[Assignment] For the records below, output each line exactly as it appears, from the first through the line with "have GfunE t : Gfun Phi P Rw d gamma eta t".

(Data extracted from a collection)
====================

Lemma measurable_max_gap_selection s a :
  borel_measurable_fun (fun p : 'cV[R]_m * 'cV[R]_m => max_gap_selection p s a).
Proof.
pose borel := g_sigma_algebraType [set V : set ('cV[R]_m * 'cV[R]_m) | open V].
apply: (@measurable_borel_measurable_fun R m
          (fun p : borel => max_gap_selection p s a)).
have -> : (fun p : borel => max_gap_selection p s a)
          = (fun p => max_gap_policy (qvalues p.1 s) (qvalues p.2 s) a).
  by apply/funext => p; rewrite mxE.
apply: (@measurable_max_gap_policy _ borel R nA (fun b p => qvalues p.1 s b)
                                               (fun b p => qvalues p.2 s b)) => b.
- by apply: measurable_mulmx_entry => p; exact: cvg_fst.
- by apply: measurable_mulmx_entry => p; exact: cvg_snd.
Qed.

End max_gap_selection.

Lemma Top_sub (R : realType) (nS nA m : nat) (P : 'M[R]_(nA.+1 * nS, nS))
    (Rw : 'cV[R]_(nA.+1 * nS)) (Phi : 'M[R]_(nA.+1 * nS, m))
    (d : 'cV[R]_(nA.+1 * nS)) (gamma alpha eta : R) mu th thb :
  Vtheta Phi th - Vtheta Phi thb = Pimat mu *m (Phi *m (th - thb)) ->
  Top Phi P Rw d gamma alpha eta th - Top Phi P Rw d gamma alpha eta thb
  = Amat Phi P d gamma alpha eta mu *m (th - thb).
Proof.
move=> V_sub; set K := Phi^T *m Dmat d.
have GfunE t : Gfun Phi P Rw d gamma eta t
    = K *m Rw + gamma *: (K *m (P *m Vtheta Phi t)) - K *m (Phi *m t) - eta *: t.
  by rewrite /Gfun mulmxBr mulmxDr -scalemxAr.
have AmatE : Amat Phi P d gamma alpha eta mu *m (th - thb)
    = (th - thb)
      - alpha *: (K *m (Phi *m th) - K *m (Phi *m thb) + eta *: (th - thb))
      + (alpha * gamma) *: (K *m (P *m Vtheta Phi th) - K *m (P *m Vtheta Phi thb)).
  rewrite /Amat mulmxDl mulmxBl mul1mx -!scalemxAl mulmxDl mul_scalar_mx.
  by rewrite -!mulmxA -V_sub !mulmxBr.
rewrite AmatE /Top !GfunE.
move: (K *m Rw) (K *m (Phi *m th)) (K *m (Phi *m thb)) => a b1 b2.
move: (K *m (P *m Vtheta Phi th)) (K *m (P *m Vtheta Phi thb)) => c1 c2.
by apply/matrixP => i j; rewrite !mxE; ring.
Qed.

====================

[Answer box]
Lemma measurable_max_gap_selection s a :
  borel_measurable_fun (fun p : 'cV[R]_m * 'cV[R]_m => max_gap_selection p s a).
Proof.
pose borel := g_sigma_algebraType [set V : set ('cV[R]_m * 'cV[R]_m) | open V].
apply: (@measurable_borel_measurable_fun R m
          (fun p : borel => max_gap_selection p s a)).
have -> : (fun p : borel => max_gap_selection p s a)
          = (fun p => max_gap_policy (qvalues p.1 s) (qvalues p.2 s) a).
  by apply/funext => p; rewrite mxE.
apply: (@measurable_max_gap_policy _ borel R nA (fun b p => qvalues p.1 s b)
                                               (fun b p => qvalues p.2 s b)) => b.
- by apply: measurable_mulmx_entry => p; exact: cvg_fst.
- by apply: measurable_mulmx_entry => p; exact: cvg_snd.
Qed.

End max_gap_selection.

Lemma Top_sub (R : realType) (nS nA m : nat) (P : 'M[R]_(nA.+1 * nS, nS))
    (Rw : 'cV[R]_(nA.+1 * nS)) (Phi : 'M[R]_(nA.+1 * nS, m))
    (d : 'cV[R]_(nA.+1 * nS)) (gamma alpha eta : R) mu th thb :
  Vtheta Phi th - Vtheta Phi thb = Pimat mu *m (Phi *m (th - thb)) ->
  Top Phi P Rw d gamma alpha eta th - Top Phi P Rw d gamma alpha eta thb
  = Amat Phi P d gamma alpha eta mu *m (th - thb).
Proof.
move=> V_sub; set K := Phi^T *m Dmat d.
have GfunE t : Gfun Phi P Rw d gamma eta t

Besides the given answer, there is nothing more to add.